A divided world – a divided working class

Seabrook has seized on something of vital importance to communists, even if he deals with it as a non-Marxist. He has recognised the imperialist structure of world capitalism in general, and of British capitalism in particular, and exposed its essentially parasitic character. But more: he links the ideological bankruptcy of Labour to its acceptance of the imperialist order, and thereby makes a direct connection between the parasitism of British imperialism and the corruption of its political life. By corruption, we mean indifference to destitution and oppression, to the destruction of the planet and the lives of the vast majority who live on it. That indifference is the prerogative of those who have benefited from the parasitism – not just the ruling class, but wide sections of the middle class, and an upper stratum of the working class as well.

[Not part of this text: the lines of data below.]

(* Let $n\ge 2$, let $A_1,\dots,A_n$ be pairwise distinct points in the plane and let $\Gamma$ be a circle with centre $O$. Suppose that for every $r>0$ the quantity $\sum_{i=1}^n|PA_i|^{2n-2}$ is constant as $P$ ranges over the circle $\Gamma_r$ of radius $r$ centred at $O$ (the constant may depend on $r$). Then $A_1,\dots,A_n$ are the vertices of a regular $n$-gon inscribed in a circle centred at $O$.
   Context: $|PA|$ denotes Euclidean distance. For $n=2$ a ''regular $2$-gon inscribed in a circle centred at $O$'' means two distinct points symmetric with respect to $O$. *)

From Stdlib Require Import Reals Lra.
Open Scope R_scope.

Definition point := (R * R)%type.

Definition pdist (P Q : point) : R :=
  sqrt ((fst P - fst Q) ^ 2 + (snd P - snd Q) ^ 2).

Fixpoint sumR (n : nat) (f : nat -> R) : R :=
  match n with
  | O => 0
  | S m => sumR m f + f m
  end.

Definition ngon_vertex (n : nat) (O : point) (rho theta : R) (k : nat) : point :=
  (fst O + rho * cos (theta + 2 * PI * INR k / INR n),
   snd O + rho * sin (theta + 2 * PI * INR k / INR n)).

Definition is_regular_ngon_centred (n : nat) (A : nat -> point) (O : point) : Prop :=
  exists (rho theta : R) (sigma : nat -> nat),
    0 < rho /\
    (forall k, (k < n)%nat -> (sigma k < n)%nat) /\
    (forall k l, (k < n)%nat -> (l < n)%nat -> sigma k = sigma l -> k = l) /\
    (forall k, (k < n)%nat -> A (sigma k) = ngon_vertex n O rho theta k).

(* Identify the plane with the complex numbers and put a_i = A_i - O.  For P = O + r u with
   |u| = 1 we have |P A_i|^2 = (r u - a_i) (r conj(u) - conj(a_i)), so the moment
     M(s, t) = sum_i ((s - a_i) (t - conj(a_i)))^(n-1)
   is constant along (r u, r / u).  Polynomial identities that hold at infinitely many
   points hold everywhere, which yields in turn:
   - M(r x, r / x) is constant for all complex x <> 0, not only for |x| = 1;
   - comparing the points s and 1 of a common circle, sum_i (s - a_i)^(n-1) is homogeneous
     of degree n - 1 in s, so the power sums p_1, ..., p_(n-1) of the a_i vanish
     (section CircleMomentsToPowerSums);
   - for n distinct numbers with p_1 = ... = p_(n-1) = 0 one has prod_i (X - a_i) = X^n + c,
     i.e. the a_i are nonzero and share their n-th power (section PowerSumsToNthPowers);
   - the n distinct numbers a_0 e^(2 i pi k / n) have that same n-th power, so they are a
     rearrangement of the a_i, which is the claim. *)

From Stdlib Require Import Reals Lra Lia.
From mathcomp Require all_boot all_algebra ring Rstruct complex.
Open Scope R_scope.

Definition distinct_points (n : nat) (A : nat -> point) : Prop :=
  forall i j, (i < n)%nat -> (j < n)%nat -> i <> j -> A i <> A j.

Definition constant_moments (n : nat) (A : nat -> point) (O : point) : Prop :=
  forall r : R, 0 < r ->
    exists c : R, forall P : point, pdist P O = r ->
      sumR n (fun i => pdist P (A i) ^ (2 * n - 2)%nat) = c.

(* t |-> ((1 - t^2) / (1 + t^2), 2 t / (1 + t^2)) maps the naturals injectively into the unit
   circle: infinitely many sample points for the polynomial arguments. *)
Definition circle_x (t : R) : R := (1 - t * t) / (1 + t * t).
Definition circle_y (t : R) : R := 2 * t / (1 + t * t).

Lemma circle_xy_norm (t : R) : circle_x t * circle_x t + circle_y t * circle_y t = 1.
Proof. unfold circle_x, circle_y. field. nra. Qed.

Lemma circle_x_inj (s t : R) : 0 <= s -> 0 <= t -> circle_x s = circle_x t -> s = t.
Proof.
  unfold circle_x. intros Hs Ht E.
  apply (f_equal (fun v => (1 - v) / (1 + v))) in E.
  replace ((1 - (1 - s * s) / (1 + s * s)) / (1 + (1 - s * s) / (1 + s * s))) with (s * s) in E
    by (field; nra).
  replace ((1 - (1 - t * t) / (1 + t * t)) / (1 + (1 - t * t) / (1 + t * t))) with (t * t) in E
    by (field; nra).
  nra.
Qed.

The general election campaign epitomised such corruption as it became no more than a dispute on how the proceeds of British parasitism would be divided amongst the more affluent sections of the British population. It excluded not just the mass of the working class throughout the world, but the majority of the working class in Britain as well. Politics became a televised circus, a succession of sound bites and photo opportunities. There was no pretence at actively involving the electorate, let alone the working class: that basic feature of elections in the past, public political hustings, has long since disappeared.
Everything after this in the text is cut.